Camel Transaction performance - use of batches?

Im using a camel route which is transacted. I have set the transacted
property to be true in the JMSComponent via JMSConfig. In the route which
listens to a message on a queue (Consumer) , I have provided <transacted />
tag which makes the route transacted. 

The DSL snippet is -
<bean id="jmsconfig"
class="org.apache.camel.component.jms.JmsConfiguration">
	<property name="connectionFactory" ref="connFactory" />
	<property name="transactionManager" ref="jmsTxnManager" />
	<property name="transacted" value="true" />
</bean>

<camel:route id="processor">
			<camel:from uri="myqueue" />
			 <camel:transacted/>
...............


The other properties of the message and consumers are 
a. Messages are persistent
b. There are 80 concurrent consumers listening to the same queue. 
c. The route, after receiving the message, passes the message to a bean that
process the message. 

I made two test runs . one with transaction and the other without a
transaction. The observation is as follows 
with transaction : route can consume 13 messages / second
without transaction: route can consume 60 messages / second.  This is like 5
times faster than with transaction. 

Im searching for options which will make the route faster with transactions. 

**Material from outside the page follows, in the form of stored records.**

(* For every $\delta>0$ there exists $\eta>0$ such that the following holds. Let $G$ be an abelian group, $H$ a finite subgroup of $G$, and $T \subset G\setminus H$ a non-empty finite subset disjoint from $H$ with $|T|/|H| < \eta$. Then \[\left|\epsilon^*(H\cup T) - \frac{2|T|}{|H|}\right| \le \delta\,\frac{|T|}{|H|}.\] That is, the smallest $\epsilon$ for which $H\cup T$ is a distributional $\epsilon$-approximate group equals $2|T|/|H| + o(|T|/|H|)$ as $|T|/|H| \to 0$.
   Context: For a non-empty finite subset $A$ of an abelian group $G$, define $\epsilon^*(A) = 1 - \max_{U \subset G,\, |U|=|A|} \frac{|\{(a,b)\in A\times A : a+b \in U\}|}{|A|^2}$. Thus $A$ is a distributional $\epsilon$-approximate group (i.e. there exists $U\subset G$ with $|U|=|A|$ such that the proportion of pairs $(a,b)\in A\times A$ with $a+b\in U$ is at least $1-\epsilon$) if and only if $\epsilon \ge \epsilon^*(A)$. *)

From HB Require Import structures.
From mathcomp Require Import all_boot all_order all_algebra.
From mathcomp Require Import finmap.
From mathcomp Require Import boolp reals.
Set Implicit Arguments. Unset Strict Implicit. Unset Printing Implicit Defensive.
Import Order.TTheory GRing.Theory Num.Theory.
Local Open Scope fset_scope.
Local Open Scope ring_scope.

Local Open Scope nat_scope.
Definition pair_count (G : zmodType) (A U : {fset G}) : nat :=
  \sum_(a <- A) \sum_(b <- A) nat_of_bool ((a + b)%R \in U).

(* max over U subset of G with |U| = |A| of pair_count A U
   (the attained values lie in [0, |A|^2], and U := A is admissible) *)
Definition max_pair_count (G : zmodType) (A : {fset G}) : nat :=
  (\max_(k < (#|` A| ^ 2).+1 |
      `[< exists U : {fset G}, #|` U| = #|` A| /\ pair_count A U = k >]) k)%N.

Local Open Scope ring_scope.
Definition eps_star (R : realType) (G : zmodType) (A : {fset G}) : R :=
  1 - (max_pair_count A)%:R / ((#|` A| ^ 2)%N)%:R.

Definition is_subgroup (G : zmodType) (H : {fset G}) : Prop :=
  0 \in H /\ forall x y, x \in H -> y \in H -> x - y \in H.

From HB Require Import structures.
From mathcomp Require Import all_boot all_order all_algebra.
From mathcomp Require Import finmap.
From mathcomp Require Import boolp reals.
From mathcomp Require Import ring lra zify.
Import Order.TTheory GRing.Theory Num.Theory.
Local Open Scope fset_scope.

(* Write n = |H|, t = |T| and A = H u T.  Taking U = A makes every pair of
   H x H good, so the maximum is at least n^2.  Conversely, let |U| = n + t,
   p = |U n H| and q = |U \ H|.  For a in H at most p elements b of H have
   a + b in U; for b in T the sums b + a with a in H lie outside H, so at most q
   of them are in U; and T x T contributes at most t^2.  The count is thus at
   most n p + 2 t q + t^2, which under p + q = n + t, p <= n and 2t <= n is
   largest for p = n, giving n^2 + 3 t^2.  Hence
   eps*(A) = 1 - (n^2 + O(t^2)) / (n + t)^2 = 2 t/n + O((t/n)^2). *)

Lemma big_fsetU_disjoint (R : Type) (idx : R) (op : Monoid.com_law idx)
    (K : choiceType) (A B : {fset K}) (F : K -> R) :
  [disjoint A & B] ->
  \big[op/idx]_(i <- A `|` B) F i =
    op (\big[op/idx]_(i <- A) F i) (\big[op/idx]_(i <- B) F i).
Proof.
move=> /fdisjointP_sym AB; rewrite -big_cat; apply/perm_big/uniq_perm.
- exact: fset_uniq.
- by rewrite cat_uniq !fset_uniq /= andbT; apply/hasPn => x /AB.
- by move=> x; rewrite mem_cat in_fsetU.
Qed.

Lemma card_fsetU_disjoint (K : choiceType) (A B : {fset K}) :
  [disjoint A & B] -> #|` A `|` B| = (#|` A| + #|` B|)%N.
Proof. by move=> AB; apply/eqP; rewrite (leq_card_fsetU A B).2. Qed.

Section Counting.
Local Open Scope nat_scope.

Lemma sum_nat_bool {I : Type} (s : seq I) (P : pred I) :
  \sum_(i <- s) P i = count P s.
Proof. by rewrite -sum1_count [RHS]big_mkcond; apply: eq_bigr => i _; case: (P i). Qed.

Lemma sum_sum_bool_le {I J : Type} (r : seq I) (s : seq J) (P : I -> J -> bool) :
  \sum_(i <- r) \sum_(j <- s) P i j <= size r * size s.
Proof.
rewrite -sum1_size big_distrl /=; apply: leq_sum => i _.
by rewrite mul1n (sum_nat_bool s (P i)) count_size.
Qed.

Lemma leq_split_trade [n t p q : nat] :
  p <= n -> p + q = n + t -> 2 * t <= n -> n * p + 2 * t * q <= n * n + 2 * t * t.
Proof.
move=> pn pq tn; have : 2 * t * (n - p) <= n * (n - p) by rewrite leq_mul2r tn orbT.
nia.
Qed.

End Counting.

Section PairCount.
Local Open Scope nat_scope.
Context {G : zmodType}.
Implicit Types A B S U X : {fset G}.

Lemma sum_mem_translate_le A S U (x : G) :
  {in A, forall a, (x + a)%R \in U -> (x + a)%R \in S} ->
  \sum_(a <- A) ((x + a)%R \in U) <= #|` S|.
Proof.
move=> AS; rewrite (sum_nat_bool A (fun a => (x + a)%R \in U)).
rewrite -size_filter -(size_map (+%R x)); apply: uniq_leq_size.
  by rewrite map_inj_uniq ?filter_uniq ?fset_uniq //; apply: addrI.
by move=> y /mapP [a]; rewrite mem_filter => /andP [xaU aA] ->; apply: AS.
Qed.

Lemma sum_sum_mem_translate_le X A S U :
  {in X & A, forall x a, (x + a)%R \in U -> (x + a)%R \in S} ->
  \sum_(x <- X) \sum_(a <- A) ((x + a)%R \in U) <= #|` X| * #|` S|.
Proof.
move=> XAS; rewrite {1}card_fset_sum1 big_distrl /= [X in X <= _]big_seq [X in _ <= X]big_seq.
by apply: leq_sum => x xX; rewrite mul1n; apply: sum_mem_translate_le => a; apply: XAS.
Qed.

Lemma pair_count_le A U : pair_count A U <= #|` A| ^ 2.
Proof. by rewrite -mulnn; apply: sum_sum_bool_le. Qed.

Lemma pair_count_disjointU A B U : [disjoint A & B] ->
  pair_count (A `|` B) U =
    \sum_(a <- A) \sum_(a' <- A) ((a + a')%R \in U)
    + 2 * \sum_(b <- B) \sum_(a <- A) ((b + a)%R \in U)
    + \sum_(b <- B) \sum_(b' <- B) ((b + b')%R \in U).
Proof.
move=> AB; rewrite /pair_count big_fsetU_disjoint //=.
under eq_bigr do rewrite big_fsetU_disjoint //=.
under [X in _ + X]eq_bigr do rewrite big_fsetU_disjoint //=.
rewrite !big_split /= [X in _ + X + _]exchange_big /=.
under [X in _ + X + _]eq_bigr do under eq_bigr do rewrite addrC.
by rewrite mul2n -addnn !addnA.
Qed.

Lemma pair_count_le_max A U : #|` U| = #|` A| -> pair_count A U <= max_pair_count A.
Proof.
move=> cardU; have lt_count : pair_count A U < (#|` A| ^ 2).+1 by rewrite ltnS pair_count_le.
apply: leq_trans (leq_bigmax_cond (Ordinal lt_count) _) => //=.
by apply/asboolP; exists U.
Qed.

Lemma max_pair_count_le A m :
  (forall U, #|` U| = #|` A| -> pair_count A U <= m) -> max_pair_count A <= m.
Proof. by move=> bound; apply/bigmax_leqP => k /asboolP [U [cardU <-]]; apply: bound. Qed.

End PairCount.

Section SubgroupUnion.
Local Open Scope nat_scope.
Context {G : zmodType} {H : {fset G}}.
Hypothesis subH : is_subgroup H.

Lemma subgroup_card_gt0 : 0 < #|` H|.
Proof. by rewrite cardfs_gt0; apply/fset0Pn; exists 0%R; case: subH. Qed.

Lemma subgroup_add x y : x \in H -> y \in H -> (x + y)%R \in H.
Proof.
case: subH => H0 HB xH yH.
by rewrite -[y]opprK -[(- y)%R]sub0r; apply/HB/HB.
Qed.

Lemma subgroup_add_notin x y : x \in H -> y \notin H -> (y + x)%R \notin H.
Proof.
case: subH => _ HB xH; apply: contra => yxH.
by rewrite -(addrK x y); apply: HB.
Qed.

Context {T : {fset G}}.
Hypothesis HT : [disjoint H & T].

Lemma pair_count_subgroupU_le U :
  #|` U| = #|` H| + #|` T| -> 2 * #|` T| <= #|` H| ->
  pair_count (H `|` T) U <= #|` H| ^ 2 + 3 * #|` T| ^ 2.
Proof.
move=> cardU tH; rewrite pair_count_disjointU //.
have /fdisjointP_sym TnH := HT.
have HH : \sum_(a <- H) \sum_(a' <- H) ((a + a')%R \in U) <= #|` H| * #|` (U `&` H)|.
  apply: sum_sum_mem_translate_le => a a' aH a'H aa'U.
  by rewrite in_fsetI aa'U subgroup_add.
have TH : \sum_(b <- T) \sum_(a <- H) ((b + a)%R \in U) <= #|` T| * #|` (U `\` H)|.
  apply: sum_sum_mem_translate_le => b a bT aH baU.
  by rewrite in_fsetD baU subgroup_add_notin ?TnH.
have TT := sum_sum_bool_le T T (fun b b' => (b + b')%R \in U).
have UHn : #|` (U `&` H)| <= #|` H| by apply/fsubset_leq_card/fsubsetIr.
have trade := leq_split_trade UHn (etrans (cardfsID H U) cardU) tH.
rewrite -!mulnn; lia.
Qed.

Lemma pair_count_subgroupU_ge : #|` H| ^ 2 <= pair_count (H `|` T) (H `|` T).
Proof.
rewrite pair_count_disjointU // -addnA (leq_trans _ (leq_addr _ _)) //.
rewrite -mulnn {1}card_fset_sum1 big_distrl /= big_seq [X in _ <= X]big_seq.
apply: leq_sum => a aH; rewrite mul1n card_fset_sum1 big_seq [X in _ <= X]big_seq.
by apply: leq_sum => a' a'H; rewrite in_fsetU subgroup_add.
Qed.

Lemma max_pair_count_subgroupU : 2 * #|` T| <= #|` H| ->
  #|` H| ^ 2 <= max_pair_count (H `|` T) <= #|` H| ^ 2 + 3 * #|` T| ^ 2.
Proof.
move=> tH; apply/andP; split.
  exact: leq_trans pair_count_subgroupU_ge (pair_count_le_max _ _ erefl).
apply: max_pair_count_le => U cardU.
by apply: pair_count_subgroupU_le; rewrite // cardU card_fsetU_disjoint.
Qed.

End SubgroupUnion.

Section Estimate.
Local Open Scope ring_scope.

Lemma eps_estimate_normalized (R : realFieldType) (delta x m : R) :
  0 <= x -> x < delta / 8 -> 1 <= m <= 1 + 3 * x ^+ 2 ->
  `|1 - m / (1 + x) ^+ 2 - 2 * x| <= delta * x.
Proof.
move=> x0 xdelta /andP [m1 m2].
have sq_gt0 : 0 < (1 + x) ^+ 2 by rewrite exprn_gt0 // ltr_wpDr.
have low : (1 - 2 * x) * (1 + x) ^+ 2 <= m.
  have cubic_ge0 : 0 <= x ^+ 2 * (3 + 2 * x) by rewrite mulr_ge0 ?sqr_ge0 //; lra.
  have -> : (1 - 2 * x) * (1 + x) ^+ 2 = 1 - x ^+ 2 * (3 + 2 * x) by ring.
  lra.
have up : m <= (1 - 2 * x + delta * x) * (1 + x) ^+ 2.
  have delta_gain : 8 * x * (x * (1 + x) ^+ 2) <= delta * (x * (1 + x) ^+ 2).
    by rewrite ler_wpM2r ?mulr_ge0 ?sqr_ge0 //; lra.
  have quartic_ge0 : 0 <= x ^+ 3 * (2 + 16 * x + 8 * x ^+ 2).
    by rewrite mulr_ge0 ?exprn_ge0 // ?sqr_ge0; nra.
  nra.
rewrite -(ler_pdivlMr _ _ sq_gt0) in low; rewrite -(ler_pdivrMr _ _ sq_gt0) in up.
have delta_x_ge0 : 0 <= delta * x by rewrite mulr_ge0 //; lra.
rewrite ler_norml; apply/andP; split; lra.
Qed.

Lemma eps_estimate (R : realFieldType) (delta n t M : R) :
  0 < n -> 0 <= t -> t / n < delta / 8 -> n ^+ 2 <= M <= n ^+ 2 + 3 * t ^+ 2 ->
  `|1 - M / (n + t) ^+ 2 - 2 * (t / n)| <= delta * (t / n).
Proof.
move=> n_gt0 t_ge0 tn_small /andP [M_ge M_le].
have n_neq0 : n != 0 by rewrite gt_eqF.
have n2_gt0 : 0 < n ^+ 2 by rewrite exprn_gt0.
have -> : M / (n + t) ^+ 2 = M / n ^+ 2 / (1 + t / n) ^+ 2.
  by field; rewrite n_neq0 /= gt_eqF // ltr_wpDr.
apply: eps_estimate_normalized => //; first exact: divr_ge0 t_ge0 (ltW n_gt0).
rewrite ler_pdivlMr // mul1r M_ge ler_pdivrMr //=.
by have -> : (1 + 3 * (t / n) ^+ 2) * n ^+ 2 = n ^+ 2 + 3 * t ^+ 2 by field.
Qed.

End Estimate.

Local Open Scope ring_scope.

Theorem mainTheorem6 (R : realType) (delta : R) (hdelta : 0 < delta) :
  exists eta : R, 0 < eta /\
    forall (G : zmodType) (H T : {fset G}),
      is_subgroup H ->
      T != fset0 ->
      (forall t, t \in T -> t \notin H) ->
      (#|` T|%:R / #|` H|%:R : R) < eta ->
      `| eps_star R (H `|` T) - 2 * (#|` T|%:R / #|` H|%:R) |
        <= delta * (#|` T|%:R / #|` H|%:R).
Proof.
exists (Num.min (delta / 8) (1 / 2)); split; first by rewrite lt_min; apply/andP; split; lra.
move=> G H T subH _ /fdisjointP_sym HT; rewrite lt_min => /andP [small half].
have n_gt0 : 0 < #|` H|%:R :> R by rewrite ltr0n subgroup_card_gt0.
have tH : (2 * #|` T| <= #|` H|)%N.
  rewrite ltr_pdivrMr // in half.
  have : (2 * #|` T|)%N%:R < #|` H|%:R :> R by rewrite natrM; lra.
  by rewrite ltr_nat => /ltnW.
have /andP [M_ge M_le] := max_pair_count_subgroupU subH HT tH.
rewrite /eps_star card_fsetU_disjoint // natrX natrD.
apply: eps_estimate => //.
by rewrite -!natrX -natrM -natrD !ler_nat M_ge M_le.
Qed.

I read a post which states that, once we put transaction, the read and write
from the queue is made synchronous. Is it also synchronized i.e. if I have
80 concurrent consumers, only one will commit at a time? So more consumers,
more slow due to locking. 

I read another post which states that we can use batches. i.e. each message
should not be just one transaction. We need to batch a set of messages into
one transaction , say 100. 
I could not figure out how to enable this in my DSL? Any pointers?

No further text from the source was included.